[Exercise aim]
Beneath this instruction is a block of data; output from it exactly the lines that run from the one containing "move=> L_gt1; have" through the one containing "(forall i : 'I_(M", inclusive.

[Entries provided]
(* Let $H$, $L$ be as in the context with $L\mid Z$, let $\omega_{LB}=\lceil\omega(H)/L\rceil$, and let $\mathcal T_0=\{x\in[MZ): x\equiv 0\pmod L\}$ (equivalently $\mathcal T_0=\bigcup_{m\in[M)}\{mZ+((rL)\bmod Z):r\in\mathbb Z\}$). Then $(1,\mathcal T_0)$ is an optimal solution with $\omega(H_{\mathcal T_0})=\omega_{LB}$ if and only if $|\{x\in\mathcal N(v_j): x\equiv 0\pmod L\}|\le\omega_{LB}$ for all $j\in[NZ)$, with equality for some $j$.
   Context: Notation: $[n)=\{0,1,\dots,n-1\}$. Let $M,N,Z$ be positive integers and let $H$ be a binary $MZ\times NZ$ matrix made of $M\times N$ blocks, each a $Z\times Z$ circulant; assume $H$ has no zero row and no two identical rows. For $j\in[NZ)$, $\mathcal N(v_j)=\{i\in[MZ): H[i][j]=1\}$ (the rows with a $1$ in column $j$). For $\mathcal A\subseteq[MZ)$, $H_{\mathcal A}$ is the submatrix of rows indexed by $\mathcal A$; $\omega(A)$ is the maximum Hamming weight of a column of $A$. For $i\in[MZ)$ and integer $s$, $\pi^s(i)=Z\lfloor i/Z\rfloor+((i+s)\bmod Z)$ and $\pi^s(\mathcal T)=\{\pi^s(x):x\in\mathcal T\}$. Fix an integer $L>1$. A pair $(S,\mathcal T_0)$ ($S$ a positive integer, $\mathcal T_0\subseteq[MZ)$) is a feasible solution if, with $\mathcal T_l=\pi^{lS}(\mathcal T_0)$ for $l\in[L)$, the sets $\mathcal T_0,\dots,\mathcal T_{L-1}$ are pairwise disjoint with union $[MZ)$. An optimal solution is a feasible solution minimizing $\omega(H_{\mathcal T_0})$ over all feasible solutions. *)

From mathcomp Require Import all_boot all_order all_algebra.
Set Implicit Arguments. Unset Strict Implicit. Unset Printing Implicit Defensive.

(* Cyclic shift inside Z-blocks: pi^s(i) = Z*floor(i/Z) + ((i+s) mod Z),
   on indices in [n) (n = M*Z or N*Z).  The fallback of insubd is never used
   when Z > 0 and Z %| n. *)
Definition blk_shift (n Z s : nat) (i : 'I_n) : 'I_n :=
  insubd i (Z * (i %/ Z) + (i + s) %% Z).

Definition block_circulant (M N Z : nat) (H : 'M[bool]_(M * Z, N * Z)) :=
  forall i j, H i j = H (blk_shift Z 1 i) (blk_shift Z 1 j).

Definition omega_sub (m n : nat) (H : 'M[bool]_(m, n)) (A : {set 'I_m}) : nat :=
  \max_(j < n) #|[set i in A | H i j]|.

Definition omega (m n : nat) (H : 'M[bool]_(m, n)) : nat := omega_sub H setT.

Definition Tl (m Z S l : nat) (T0 : {set 'I_m}) : {set 'I_m} :=
  blk_shift Z (l * S) @: T0.

Definition feasible (m Z L S : nat) (T0 : {set 'I_m}) : Prop :=
  0 < S /\
  (forall l1 l2, l1 < L -> l2 < L -> l1 != l2 ->
      [disjoint Tl Z S l1 T0 & Tl Z S l2 T0]) /\
  \bigcup_(l < L) Tl Z S l T0 = setT.

Definition optimal (m n Z L : nat) (H : 'M[bool]_(m, n)) S (T0 : {set 'I_m}) : Prop :=
  feasible Z L S T0 /\
  forall S' (T' : {set 'I_m}), feasible Z L S' T' -> omega_sub H T0 <= omega_sub H T'.

Definition ceil_div (a L : nat) : nat := (a + L.-1) %/ L.

From mathcomp Require Import all_boot all_order all_algebra.
From mathcomp Require Import zify.
Set Implicit Arguments. Unset Strict Implicit.

(* The block shifts pi^s commute with the circulant structure, so the column
   weights of a shifted row set pi^s(T) are those of T on shifted columns and
   omega(H_{pi^s(T)}) <= omega(H_T).  For a feasible (S, T) the L shifts of T
   cover all rows, hence omega(H) <= L * omega(H_T), i.e. ceil(omega(H)/L) is
   a lower bound for every feasible solution.  When L divides Z, the shift by l
   maps the multiples of L onto the residue class l mod L, so (1, T0) is
   feasible; it is then optimal with value ceil(omega(H)/L) exactly when its
   maximal column weight takes that value. *)

Definition shift_opp (Z s : nat) : nat := Z - s %% Z.

Lemma dvdn_add_shift_opp Z s : 0 < Z -> Z %| s + shift_opp Z s.
Proof.
move=> Z_gt0; apply/dvdnP; exists (s %/ Z).+1; rewrite /shift_opp.
have := ltn_pmod s Z_gt0; have := divn_eq s Z; lia.
Qed.

Section BlockShift.
Variables (n Z : nat).
Hypotheses (Z_gt0 : 0 < Z) (Z_dvd_n : Z %| n).

Lemma blk_shift_val s (i : 'I_n) :
  val (blk_shift Z s i) = Z * (i %/ Z) + (i + s) %% Z.
Proof.
rewrite /blk_shift val_insubd ifT //; case/dvdnP: Z_dvd_n => k n_eq.
have lt_q : i %/ Z < k by rewrite ltn_divLR // -n_eq.
have lt_r : (i + s) %% Z < Z by rewrite ltn_mod.
have : (i %/ Z).+1 * Z <= k * Z by rewrite leq_mul2r lt_q orbT.
rewrite mulSn => le_qk; apply: leq_trans (_ : k * Z <= n); first lia.
by rewrite n_eq.
Qed.

Lemma blk_shiftD s t (i : 'I_n) :
  blk_shift Z s (blk_shift Z t i) = blk_shift Z (t + s) i.
Proof.
apply: val_inj; rewrite !blk_shift_val.
have lt_r : (i + t) %% Z < Z by rewrite ltn_mod.
rewrite [Z * (i %/ Z)]mulnC divnMDl // (divn_small lt_r) addn0 mulnC.
by rewrite -addnA modnMDl modnDml addnA.
Qed.

Lemma blk_shift_dvd s (i : 'I_n) : Z %| s -> blk_shift Z s i = i.
Proof.
case/dvdnP=> k ->; apply: val_inj.
by rewrite blk_shift_val [i + _]addnC modnMDl mulnC -divn_eq.
Qed.

Lemma blk_shiftK s : cancel (blk_shift (n := n) Z s) (blk_shift Z (shift_opp Z s)).
Proof. by move=> i; rewrite blk_shiftD blk_shift_dvd ?dvdn_add_shift_opp. Qed.

Lemma blk_shiftVK s : cancel (blk_shift (n := n) Z (shift_opp Z s)) (blk_shift Z s).
Proof.
by move=> i; rewrite blk_shiftD addnC blk_shift_dvd ?dvdn_add_shift_opp.
Qed.

Lemma blk_shift_inj s : injective (blk_shift (n := n) Z s).
Proof. exact: can_inj (blk_shiftK s). Qed.

Lemma blk_shift_modn L s (i : 'I_n) :
  L %| Z -> val (blk_shift Z s i) = i + s %[mod L].
Proof.
move=> L_dvd_Z; rewrite blk_shift_val -modnDm.
have /eqP -> : Z * (i %/ Z) %% L == 0 by rewrite -/(dvdn _ _) dvdn_mulr.
by rewrite add0n modn_mod (modn_dvdm _ L_dvd_Z).
Qed.

End BlockShift.

Definition col_weight (m n : nat) (H : 'M[bool]_(m, n)) (A : {set 'I_m}) j :=
  #|[set i in A | H i j]|.

Section ColumnWeights.
Variables (m n : nat) (H : 'M[bool]_(m, n)).

Lemma col_weight_le_omega_sub A j : col_weight H A j <= omega_sub H A.
Proof. exact: (leq_bigmax (F := col_weight H A)). Qed.

Lemma omega_subU A B : omega_sub H (A :|: B) <= omega_sub H A + omega_sub H B.
Proof.
apply/bigmax_leqP => j _.
have -> : [set i in A :|: B | H i j] = [set i in A | H i j] :|: [set i in B | H i j].
  by apply/setP => i; rewrite !inE andb_orl.
apply: leq_trans (leq_card_setU _ _).1 _.
by apply: leq_add; apply: col_weight_le_omega_sub.
Qed.

Lemma omega_sub_bigcup (I : finType) (P : pred I) (A : I -> {set 'I_m}) :
  omega_sub H (\bigcup_(k | P k) A k) <= \sum_(k | P k) omega_sub H (A k).
Proof.
apply: (big_ind2 (fun B w => omega_sub H B <= w)) => //.
- apply/bigmax_leqP => j _; rewrite leqn0 cards_eq0.
  by apply/eqP/setP => i; rewrite !inE.
- move=> B u C w le_B le_C; apply: leq_trans (omega_subU B C) _.
  exact: leq_add.
Qed.

Lemma omega_sub_eq_iff A w : 0 < n ->
  omega_sub H A = w <->
  (forall j, col_weight H A j <= w) /\ exists j, col_weight H A j = w.
Proof.
move=> n_gt0; split.
- move=> <-; split; first exact: col_weight_le_omega_sub.
  have [j max_j] : {j | omega_sub H A = col_weight H A j}.
    by apply: eq_bigmax; rewrite card_ord.
  by exists j.
- case=> le_w [j eq_w]; apply/eqP; rewrite eqn_leq -{2}eq_w.
  by rewrite col_weight_le_omega_sub andbT; apply/bigmax_leqP => k _; apply: le_w.
Qed.

End ColumnWeights.

Section Circulant.
Variables (M N Z : nat) (H : 'M[bool]_(M * Z, N * Z)).
Hypotheses (Z_gt0 : 0 < Z) (circH : block_circulant H).

Let Z_dvd_MZ : Z %| M * Z. Proof. exact: dvdn_mull. Qed.
Let Z_dvd_NZ : Z %| N * Z. Proof. exact: dvdn_mull. Qed.

Lemma block_circulant_shift k i j :
  H (blk_shift Z k i) (blk_shift Z k j) = H i j.
Proof.
elim: k => [|k IHk]; first by rewrite !blk_shift_dvd ?dvdn0.
by rewrite -addn1 -!blk_shiftD // -circH.
Qed.

Lemma col_weight_shift s (A : {set 'I_(M * Z)}) j :
  col_weight H (blk_shift Z s @: A) j =
  col_weight H A (blk_shift Z (shift_opp Z s) j).
Proof.
rewrite /col_weight.
have -> : [set i in blk_shift Z s @: A | H i j] =
          blk_shift Z s @: [set i in A | H (blk_shift Z s i) j].
  apply/setP => x; rewrite inE; apply/andP/imsetP.
  - by case=> /imsetP[a A_a ->] Hx; exists a; rewrite // inE A_a.
  - by case=> a; rewrite inE => /andP[A_a Ha] ->; rewrite imset_f.
rewrite card_imset; last exact: blk_shift_inj.
apply: eq_card => i; rewrite !inE.
by rewrite -(block_circulant_shift (shift_opp Z s)) blk_shiftK.
Qed.

Lemma omega_sub_shift s (A : {set 'I_(M * Z)}) :
  omega_sub H (blk_shift Z s @: A) <= omega_sub H A.
Proof.
apply/bigmax_leqP => j _; rewrite -/(col_weight H _ j) col_weight_shift.
exact: col_weight_le_omega_sub.
Qed.

Lemma omega_le_feasible L S T : feasible Z L S T -> omega H <= L * omega_sub H T.
Proof.
case=> _ [_ cover_T]; rewrite /omega -cover_T.
apply: leq_trans (omega_sub_bigcup _ _ _) _.
apply: (@leq_trans (\sum_(l < L) omega_sub H T)).
  by apply: leq_sum => l _; apply: omega_sub_shift.
by rewrite sum_nat_const card_ord.
Qed.

End Circulant.

Lemma leq_ceil_div a L w : 0 < L -> a <= L * w -> ceil_div a L <= w.
Proof. by move=> L_gt0 le_a; rewrite /ceil_div -ltnS ltn_divLR //; lia. Qed.

Section ResidueClass.
Variables (M Z L : nat).
Hypotheses (Z_gt0 : 0 < Z) (L_dvd_Z : L %| Z).

Let Z_dvd_MZ : Z %| M * Z. Proof. exact: dvdn_mull. Qed.

Lemma Tl_residue_class l :
  Tl Z 1 l [set x : 'I_(M * Z) | L %| x] = [set x : 'I_(M * Z) | x %% L == l %% L].
Proof.
rewrite /Tl muln1; apply/setP => x; rewrite inE; apply/imsetP/eqP.
- case=> a; rewrite inE => /eqP L_dvd_a ->.
  by rewrite blk_shift_modn // -modnDml L_dvd_a.
- move=> x_l; exists (blk_shift Z (shift_opp Z l) x); last by rewrite blk_shiftVK.
  have L_dvd_l : L %| l + shift_opp Z l.
    exact: dvdn_trans L_dvd_Z (dvdn_add_shift_opp _ Z_gt0).
  by rewrite inE /dvdn blk_shift_modn // -modnDml x_l modnDml.
Qed.

Lemma feasible_residue_class :
  1 < L -> feasible Z L 1 [set x : 'I_(M * Z) | L %| x].
Proof.
move=> L_gt1; have L_gt0 : 0 < L by apply: ltnW.
split=> //; split=> [l1 l2 lt_l1 lt_l2 ne_l|].
- rewrite !Tl_residue_class !modn_small // -setI_eq0.
  apply/eqP/setP => x; rewrite !inE.
  by apply/negbTE; apply: contra ne_l => /andP[/eqP <- /eqP <-].
- apply/setP => x; rewrite inE; apply/bigcupP.
  exists (Ordinal (ltn_pmod x L_gt0)) => //.
  by rewrite Tl_residue_class inE modn_mod.
Qed.

End ResidueClass.

Theorem lemma3 (M N Z L : nat) (H : 'M[bool]_(M * Z, N * Z)) :
  0 < M -> 0 < N -> 0 < Z -> 1 < L -> L %| Z ->
  block_circulant H ->
  (forall i : 'I_(M * Z), exists j : 'I_(N * Z), H i j) ->
  (forall i i' : 'I_(M * Z), (forall j, H i j = H i' j) -> i = i') ->
  let wLB := ceil_div (omega H) L in
  let T0 := [set x : 'I_(M * Z) | L %| x] in
  (optimal Z L H 1 T0 /\ omega_sub H T0 = wLB) <->
  ((forall j : 'I_(N * Z), #|[set x : 'I_(M * Z) | H x j && (L %| x)]| <= wLB) /\
   exists j : 'I_(N * Z), #|[set x : 'I_(M * Z) | H x j && (L %| x)]| = wLB).
Proof.
move=> _ N_gt0 Z_gt0 L_gt1 L_dvd_Z circH _ _ wLB T0.
have L_gt0 : 0 < L by apply: ltnW.
have feasible_T0 : feasible Z L 1 T0 by apply: feasible_residue_class.
have lower_bound S T : feasible Z L S T -> wLB <= omega_sub H T.
  by move=> feasible_T; apply/leq_ceil_div/(omega_le_feasible Z_gt0 circH feasible_T).
have col_weight_T0 j : col_weight H T0 j = #|[set x | H x j && (L %| x)]|.
  by apply: eq_card => x; rewrite !inE andbC.
have NZ_gt0 : 0 < N * Z by rewrite muln_gt0 N_gt0.
have -> : optimal Z L H 1 T0 /\ omega_sub H T0 = wLB <-> omega_sub H T0 = wLB.
  split=> [[] // | eq_wLB]; do 2!split=> //.
  by move=> S T feasible_T; rewrite eq_wLB; apply: lower_bound feasible_T.
rewrite omega_sub_eq_iff //.
split=> -[le_wLB [j eq_wLB]]; split; try exists j.
- by move=> k; rewrite -col_weight_T0.
- by rewrite -col_weight_T0.
- by move=> k; rewrite col_weight_T0.
- by rewrite col_weight_T0.
Qed.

[Response below]
move=> L_gt1; have L_gt0 : 0 < L by apply: ltnW.
split=> //; split=> [l1 l2 lt_l1 lt_l2 ne_l|].
- rewrite !Tl_residue_class !modn_small // -setI_eq0.
  apply/eqP/setP => x; rewrite !inE.
  by apply/negbTE; apply: contra ne_l => /andP[/eqP <- /eqP <-].
- apply/setP => x; rewrite inE; apply/bigcupP.
  exists (Ordinal (ltn_pmod x L_gt0)) => //.
  by rewrite Tl_residue_class inE modn_mod.
Qed.

End ResidueClass.

Theorem lemma3 (M N Z L : nat) (H : 'M[bool]_(M * Z, N * Z)) :
  0 < M -> 0 < N -> 0 < Z -> 1 < L -> L %| Z ->
  block_circulant H ->
  (forall i : 'I_(M * Z), exists j : 'I_(N * Z), H i j) ->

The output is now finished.